Reputation: 2160
I have a dataset ds
like this:
ds.show():
id1 | id2 | id3 | value |
1 | 1 | 2 | tom |
1 | 1 | 2 | tim |
1 | 3 | 2 | tom |
1 | 3 | 2 | tom |
2 | 1 | 2 | mary |
I want to remove all duplicate lines (note: not the same as distinct(), I do not want to still have a distinct line, but to remove both lines) per keys (id1,id2,id3)
, the expected output is:
id1 | id2 | id3 | value |
1 | 3 | 2 | tom |
2 | 1 | 2 | mary |
here I should remove line 1 and line 2 because we have 2 values for the key group.

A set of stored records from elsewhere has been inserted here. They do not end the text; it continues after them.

(* Let $\{X_k\}_{k=0}^{N-1}$ be square random matrices and $\{y_k\}_{k=0}^{N-1}$ random vectors of compatible dimension, both with bounded second moments, and let $\{F_k\}_{k=0}^{N-1}$ be deterministic matrices of compatible dimensions. Suppose that $\mathbb E[X_k]=0$ for all $k$, that $X_k$ and $X_l$ are independent for $k\neq l$, and that $X_k$ and $y_l$ are independent whenever $k\ge l$. Then $$\mathbb E\Big[\Big\|\sum_{k=0}^{N-1}F_kX_ky_k\Big\|^2\Big]\le\sum_{k=0}^{N-1}\|F_k\|^2\,\mathbb E[\|X_k\|^2]\,\mathbb E[\|y_k\|^2].$$
   Context: $\|\cdot\|$ denotes the Euclidean norm for vectors and the spectral norm for matrices. *)

From HB Require Import structures.
From mathcomp Require Import all_boot all_order all_algebra.
From mathcomp Require Import all_classical all_reals all_analysis.
Set Implicit Arguments. Unset Strict Implicit. Unset Printing Implicit Defensive.
Import Order.TTheory GRing.Theory Num.Theory.
Import numFieldNormedType.Exports.
Local Open Scope classical_set_scope.
Local Open Scope ring_scope.

Definition vnorm (R : realType) (n : nat) (v : 'cV[R]_n) : R :=
  Num.sqrt (\sum_(i < n) v i 0 ^+ 2).

Definition mnorm (R : realType) (m n : nat) (A : 'M[R]_(m, n)) : R :=
  sup [set vnorm (A *m v) | v in [set v : 'cV[R]_n | vnorm v <= 1]].

Definition preimg_sets (T : Type) (R : realType) (f : T -> R) : set (set T) :=
  [set f @^-1` B | B in [set B : set R | measurable B]].

Definition indep_gen d (T : measurableType d) (R : realType)
  (P : probability T R) (G1 G2 : set (set T)) : Prop :=
  forall A B, <<s G1 >> A -> <<s G2 >> B ->
    P (A `&` B) = (P A * P B)%E.

From HB Require Import structures.
From mathcomp Require Import all_boot all_order all_algebra.
From mathcomp Require Import all_classical all_reals all_analysis.
From mathcomp Require Import measurable_realfun ring lra.
Import Order.TTheory GRing.Theory Num.Theory.
Import numFieldNormedType.Exports HBNNSimple.
Set Implicit Arguments.
Unset Strict Implicit.
Unset Printing Implicit Defensive.
Local Open Scope classical_set_scope.
Local Open Scope ring_scope.

(* Write Z_k := F_k X_k y_k. For k < l the matrix X_l is independent of
   (X_k, y_k, y_l) and centred, so E[Z_k^T Z_l] = E[(F_l^T Z_k)^T E[X_l] y_l] = 0:
   the cross terms of E|sum_k Z_k|^2 vanish. Then |Z_k| <= |F_k| |X_k y_k|, and by
   independence of X_k and y_k, E|X_k y_k|^2 = E[y_k^T M_k y_k] with
   M_k := E[X_k^T X_k], while v^T M_k v = E|X_k v|^2 <= E|X_k|^2 |v|^2.
   The product rule E[f g] = E[f] E[g] for f, g measurable with respect to
   independent sigma-algebras is obtained by approximating nonnegative f and g by
   simple functions that are measurable with respect to the same sigma-algebras. *)

Local Notation Rintegrable mu f := (mu.-integrable setT (EFin \o f)).

Section vector_matrix_norms.
Context {R : realType}.

Lemma vnorm_ge0 n (v : 'cV[R]_n) : 0 <= vnorm v.
Proof. exact: sqrtr_ge0. Qed.

Lemma vnorm_sqr n (v : 'cV[R]_n) : vnorm v ^+ 2 = \sum_i v i 0 ^+ 2.
Proof. by rewrite sqr_sqrtr// sumr_ge0// => i _; exact: sqr_ge0. Qed.

Lemma vnorm_sqr_mx n (v : 'cV[R]_n) : vnorm v ^+ 2 = (v^T *m v) 0 0.
Proof. by rewrite vnorm_sqr mxE; apply: eq_bigr => i _; rewrite mxE expr2. Qed.

Lemma dotmxC n (u v : 'cV[R]_n) : (u^T *m v) 0 0 = (v^T *m u) 0 0.
Proof. by rewrite !mxE; apply: eq_bigr => i _; rewrite !mxE mulrC. Qed.

Lemma vnorm_sum_sqr (I : finType) n (v : I -> 'cV[R]_n) :
  vnorm (\sum_i v i) ^+ 2 = \sum_i \sum_j ((v i)^T *m v j) 0 0.
Proof.
rewrite vnorm_sqr_mx [_^T]linear_sum mulmx_suml summxE; apply: eq_bigr => i _.
by rewrite mulmx_sumr summxE.
Qed.
Theorem mainTheorem5 (G : Type) (mul : G -> G -> G) (inv : G -> G) (e : G)
  (l : G -> nat) (h : G)
  (HG : is_group mul inv e)
  (Hl : is_length_function mul inv e l)
  (HRD : property_RD mul inv l)
  (Hgrowth : not_poly_growth mul inv l h)
  (tau : (G -> Cx) -> Cx)
  (Htau : bounded_trace mul inv tau) :
  tau (delta h) = C0.
Proof.
  destruct (Req_dec (Cnorm2 (tau (delta h))) 0) as [Hq0|Hq];
    [apply Cnorm2_eq0, Hq0|].
  assert (Hqpos : 0 < Cnorm2 (tau (delta h))) by (unfold Cnorm2 in *; nra).
  destruct HRD as [C [s [HC HRDs]]].
  pose proof Htau as [_ [_ [_ [K [HK Hbound]]]]].
  destruct (INR_unbounded (2 * s)) as [k Hk].
  (* The sphere estimate gives n_m <= A 2^(k+1) (1 + m^(k+1)) for every m,
     which stays below P(m) = (A + 1) 2^(k+1) (1 + m^(k+1)); but the growth
     hypothesis provides an m with n_m > P(m). *)
  set (A := (K * C) ^ 2 / Cnorm2 (tau (delta h))).
  set (B := (A + 1) * 2 ^ S k).
  destruct (Hgrowth (B :: repeat 0 k ++ [B]) 0%nat)
    as [m [n [_ [[L [HL [Hlen HLh]]] Hbig]]]].
  rewrite poly_eval_binomial in Hbig.
  pose proof (sphere_estimate mul inv e l h tau K C s m L HG Htau HK HC Hbound HRDs
    HL (fun g Hg => proj1 (HLh g) Hg)) as Hsphere.
  rewrite Hlen in Hsphere.
  pose proof (count_bound _ _ _ _ _ Hqpos (pow2_ge_0 _)
    (Rpower_poly_bound (INR m) s (S k) (pos_INR m) ltac:(rewrite S_INR; lra))
    Hsphere) as Hn.
  fold A in Hn.
  assert (HA : 0 <= A) by (unfold A, Rdiv; apply Rmult_le_pos; [nra | left;
    apply Rinv_0_lt_compat, Hqpos]).
  assert (0 <= 2 ^ S k * (1 + INR m ^ S k))
    by (pose proof (pow_le (INR m) (S k) (pos_INR m));
        apply Rmult_le_pos; [apply pow_le|]; lra).
  unfold B in Hbig. nra.
Qed.
Lemma card_first_arrivals s m : m <= #|U| -> #|first_arrivals s m| = m.
Proof.
by move=> le_m; rewrite first_arrivalsE card_imset ?card_prefix_set //; apply: perm_inj.
Qed.

Lemma mem_drop_arrival (s : {perm U}) m (x : U) :
  (x \in drop m (arrival s)) = (x \notin take m (arrival s)).
Proof.
apply: mem_drop_uniq.
  by rewrite map_inj_uniq ?enum_uniq //; apply: perm_inj.
by apply/mapP; exists (s^-1 x)%g; rewrite ?mem_enum ?permKV.
Qed.

Lemma sum_first_arrivals (R : pzSemiRingType) (w : nat -> R) (H : {set U}) :
  (\sum_(s : {perm U}) \sum_(m < #|U|.+1) w m * (first_arrivals s m == H)%:R
   = w #|H| * (perm_imset_count (prefix_set #|H|) H)%:R)%R.
Proof.
have ltHU : #|H| < #|U|.+1 by rewrite ltnS max_card.
rewrite (eq_bigr (fun s => w #|H| * (first_arrivals s #|H| == H)%:R)%R) => [|s _].
  rewrite -mulr_sumr; congr (_ * _)%R.
  rewrite /perm_imset_count -[#|[set s : {perm U} | _]|]sum1_card natr_sum.
  rewrite [RHS]big_mkcond /=.
  by apply: eq_bigr => s _; rewrite inE first_arrivalsE; case: (_ == _).
rewrite (bigD1 (Ordinal ltHU)) //= big1 ?addr0 // => m ne_mH.
case: eqP => [fH | _]; last by rewrite mulr0.
by case/eqP: ne_mH; apply: val_inj; rewrite /= -fH card_first_arrivals // -ltnS.
Qed.

Lemma bin_mul_perm_imset_count_prefix (H : {set U}) :
  ('C(#|U|, #|H|) * perm_imset_count (prefix_set #|H|) H)%N = #|{perm U}|.
Proof.
have cH : #|prefix_set #|H| | = #|H| by rewrite card_prefix_set ?max_card.
by rewrite perm_imset_count_card // -{1}cH bin_mul_perm_imset_count.
Qed.

End Arrival.

Section Best.
Variables (R : realFieldType) (U : finType) (f : {set U} -> R) (rk : U -> nat).
Hypothesis rk_inj : injective rk.

Definition better (T : {set U}) : rel U := fun e e' =>
  ((marg f T e' < marg f T e) || ((marg f T e' == marg f T e) && (rk e <= rk e')%N))%R.

Lemma better_refl T : reflexive (better T).
Proof. by move=> e; rewrite /better eqxx leqnn orbT. Qed.
Lemma alg1_step_gt0 k : 0 < alpha k.
Proof.
have [[beta_gt0 _] [_ [_ [_ step]]]] := run.
by have [_ [_ [_ [[i [-> _]] _]]]] := step k; apply: pow_lt.
Qed.

Lemma alg1_quad_le k : quad (H k) (d k) <= (1 + sqrt eta) * (- Defs.Delta gradf psi (x k) (d k)).
Proof.
have [_ [_ [eta_in [_ step]]]] := run; have [_ [_ [inexact _]]] := step k.
apply: (eta_inexact_quad_le psi_cvx (alg1_iterate_in_domain k) _ _ inexact); first lra.
by have := H_ge k (d k); have := pow2_ge_0 (norm (d k)); nra.
Qed.

Lemma alg1_decrease k : Fv f psi (x (S k)) <= Fv f psi (x k) - gamma * alpha k * Rabs (Q k).
Proof.
have [_ [[gamma_gt0 _] [eta_in [_ step]]]] := run.
have [_ [_ [inexact [[i [alpha_k [[_ HF] _]]] ->]]]] := step k.
have Q_le0 : Q k <= 0
  by apply: (eta_inexact_Qval_le0 (alg1_iterate_in_domain k) _ inexact); lra.
have Delta_le : Defs.Delta gradf psi (x k) (d k) <= Q k.
  by rewrite /Q Qval_Delta; have := H_ge k (d k); have := pow2_ge_0 (norm (d k)); nra.
rewrite Rabs_left1 //; rewrite -alpha_k in HF.
have : 0 <= alpha k * gamma by have := alg1_step_gt0 k; nra.
nra.
Qed.

Lemma alg1_step_ge k :
  / Rmax 1 ((1 + sqrt eta) * L / (2 * beta * (1 - gamma) * sigma)) <= alpha k.
Proof.
have [[beta_gt0 beta_lt1] [gamma_in [eta_in [_ step]]]] := run.
have [_ [_ [[Dxd _] [[i [-> [_ minimal]]] _]]]] := step k.
set c := (1 + sqrt eta) * L / (2 * beta * (1 - gamma) * sigma).
set tau := 2 * (1 - gamma) * sigma / ((1 + sqrt eta) * L).
have sqrt_ge0 : 0 <= sqrt eta by apply: sqrt_pos.
have tau_gt0 : 0 < tau.
  by apply: Rdiv_lt_0_compat; apply: Rmult_lt_0_compat; lra.
have c_eq : c = / (beta * tau) by rewrite /c /tau; field; repeat split; lra.
have c_gt0 : 0 < c by rewrite c_eq; apply/Rinv_0_lt_compat/Rmult_lt_0_compat.
case: i minimal => [|j] minimal.
  by rewrite /= -{2}Rinv_1; apply: Rinv_le_contravar; [lra | apply: Rmax_l].
(* the rejected trial [beta ^ j] exceeds [tau], which the Armijo test always accepts *)
have tau_lt : tau < beta ^ j.
  apply: Rnot_le_lt => le_tau; apply: (minimal j (ltnSn j)).
  apply: (armijo_small_step (eta := eta) grad_f lip_gradf L_gt0 psi_cvx
            (alg1_iterate_in_domain k) Dxd (H_ge k)) => //; try lra.
    exact: alg1_quad_le.
  by split; [apply: pow_le; lra | rewrite -(pow1 j); apply: pow_incr; lra].
have inv_le : / Rmax 1 c <= / c.
  by apply: Rinv_le_contravar; [exact: c_gt0 | apply: Rmax_r].
apply: (Rle_trans _ _ _ inv_le); rewrite c_eq Rinv_inv /=.
by apply: Rmult_le_compat_l; lra.
Qed.

Lemma alg1_rate k :
  min_upto (fun t => Rabs (Q t)) k <=
    (Fv f psi x0 - Fstar) / (gamma * INR (k + 1) * min_upto alpha k) /\
  (Fv f psi x0 - Fstar) / (gamma * INR (k + 1) * min_upto alpha k) <=
    (Fv f psi x0 - Fstar) / (gamma * INR (k + 1)) *
    Rmax 1 ((1 + sqrt eta) * L / (2 * beta * (1 - gamma) * sigma)).
Proof.
have [_ [[gamma_gt0 _] [_ [x_0 _]]]] := run.
split.
  rewrite -x_0; apply: (min_upto_rate (Fs := fun t => Fv f psi (x t))) => //.
  - exact: alg1_step_gt0.
  - by move=> t; apply: Rabs_pos.
  - exact: alg1_decrease.
  - by move=> t; apply/Fstar_lb/alg1_iterate_in_domain.
set M := Rmax 1 _.
have M_gt0 : 0 < M by apply: (Rlt_le_trans _ 1); [lra | apply: Rmax_l].
have ma_gt0 := min_upto_gt0 alg1_step_gt0 k.
have inv_ma : / min_upto alpha k <= M.
  rewrite -(Rinv_inv M); apply: Rinv_le_contravar; first exact: Rinv_0_lt_compat.
  by apply: min_upto_lb; exact: alg1_step_ge.
have k1_gt0 : 0 < INR (k + 1) by apply: lt_0_INR; rewrite addn1; apply/ltP.
have A_ge0 : 0 <= Fv f psi x0 - Fstar by have := Fstar_lb Dx0; lra.
have -> : (Fv f psi x0 - Fstar) / (gamma * INR (k + 1) * min_upto alpha k) =
          (Fv f psi x0 - Fstar) / (gamma * INR (k + 1)) * / min_upto alpha k.
  by field; repeat split; lra.
apply: Rmult_le_compat_l => //.
rewrite /Rdiv; apply: Rmult_le_pos => //.
by left; apply/Rinv_0_lt_compat/Rmult_lt_0_compat.
Qed.

End Algorithm1.

Section Algorithm2.
Variables (n : nat) (f : vec n -> R) (gradf : vec n -> vec n)
          (D : vec n -> Prop) (psi : vec n -> R).
Variables (v : variant) (beta gamma eta : R) (x0 : vec n) (x : nat -> vec n)
          (H0 : nat -> mat n) (m : nat -> nat) (Hs : nat -> nat -> mat n)
          (ds : nat -> nat -> vec n).
Hypothesis run : alg2_run f gradf D psi v beta gamma eta x0 x H0 m Hs ds.
Hypothesis Dx0 : D x0.
Variable Fstar : R.
Hypothesis Fstar_lb : forall y, D y -> Fstar <= Fv f psi y.

Let Q k := Qval gradf psi (x k) (Hs k (m k)) (ds k (m k)).

Lemma alg2_iterate_in_domain k : D (x k).
Proof.
have [_ [_ [_ [x_0 step]]]] := run.
elim: k => [|k _]; first by rewrite x_0.
by have [_ [_ [_ [_ [_ [[Dxd _] ->]]]]]] := step k.
Qed.

Lemma alg2_decrease k : Fv f psi (x (S k)) <= Fv f psi (x k) - gamma * 1 * Rabs (Q k).
Proof.
have [_ [[gamma_gt0 _] [_ [_ step]]]] := run.
have [_ [_ [_ [_ [_ [[_ [accepted Q_le0]] ->]]]]]] := step k.
have : Q k <= 0 by rewrite /Q; nra.
by move=> ?; rewrite Rabs_left1 //; rewrite /Q in accepted *; lra.
Qed.

Lemma alg2_rate k :
  min_upto (fun t => Rabs (Q t)) k <= (Fv f psi x0 - Fstar) / (gamma * INR (k + 1)).
Proof.
have [_ [[gamma_gt0 _] [_ [x_0 _]]]] := run.
have := @min_upto_rate (fun t => Fv f psi (x t)) (fun _ => 1) (fun t => Rabs (Q t))
  gamma Fstar gamma_gt0 (fun _ => Rlt_0_1) (fun t => Rabs_pos _) alg2_decrease
  (fun t => Fstar_lb (alg2_iterate_in_domain t)) k.
by rewrite min_upto_const Rmult_1_r x_0.
Qed.

End Algorithm2.

Theorem lemma8 (n : nat) (f : vec n -> R) (gradf : vec n -> vec n)
    (D : vec n -> Prop) (psi : vec n -> R) (L Fstar eta : R) (x0 : vec n) :
  assumption1 f gradf D psi L Fstar ->
  0 <= eta < 1 ->
  D x0 ->
  (* Algorithm 1 *)
  (forall (beta gamma sigma : R) (x : nat -> vec n) (H : nat -> mat n)
          (d : nat -> vec n) (alpha : nat -> R),
     alg1_run f gradf D psi beta gamma eta x0 x H d alpha ->
     0 < sigma -> (forall k, psd_ge sigma (H k)) ->
     forall k : nat,
       min_upto (fun t => Rabs (Qval gradf psi (x t) (H t) (d t))) k
         <= (Fv f psi x0 - Fstar) / (gamma * INR (k + 1) * min_upto alpha k)
       /\
       (Fv f psi x0 - Fstar) / (gamma * INR (k + 1) * min_upto alpha k)
         <= (Fv f psi x0 - Fstar) / (gamma * INR (k + 1)) *
            Rmax 1 ((1 + sqrt eta) * L / (2 * beta * (1 - gamma) * sigma)))
  /\
  (* Algorithm 2 (both variants) *)
  (forall (v : variant) (beta gamma : R) (x : nat -> vec n)
          (H0 : nat -> mat n) (m : nat -> nat) (Hs : nat -> nat -> mat n)
          (ds : nat -> nat -> vec n),
     alg2_run f gradf D psi v beta gamma eta x0 x H0 m Hs ds ->
     forall k : nat,
       min_upto (fun t => Rabs (Qval gradf psi (x t) (Hs t (m t)) (ds t (m t)))) k
         <= (Fv f psi x0 - Fstar) / (gamma * INR (k + 1))).
Proof.
move=> [L_gt0 [grad_f [lip_gradf [psi_cvx [_ [_ [[Fstar_lb _] _]]]]]]] _ Dx0.
split.
- move=> beta gamma sigma x H d alpha run sigma_gt0 H_ge k.
  exact: (alg1_rate grad_f lip_gradf L_gt0 psi_cvx run Dx0 sigma_gt0 H_ge Fstar_lb).
- move=> v beta gamma x H0 m Hs ds run k.
  exact: (alg2_rate run Dx0 Fstar_lb).
Qed.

I try to achieve this using:
ds.groupBy(id1,id2,id3).distinct()
But it's not working.
Upvotes: 1
Views: 97
Reputation: 23109
You can use window
function with filter
on count
as below
val df = Seq(
(1, 1, 2, "tom"),
(1, 1, 2, "tim"),
(1, 3, 2, "tom"),
(2, 1, 2, "mary")
).toDF("id1", "id2", "id3", "value")
val window = Window.partitionBy("id1", "id2", "id3")
df.withColumn("count", count("value").over(window))
.filter($"count" < 2)
.drop("count")
.show(false)
Output:
+---+---+---+-----+
|id1|id2|id3|value|
+---+---+---+-----+
|1 |3 |2 |tom |
|2 |1 |2 |mary |
+---+---+---+-----+
Upvotes: 3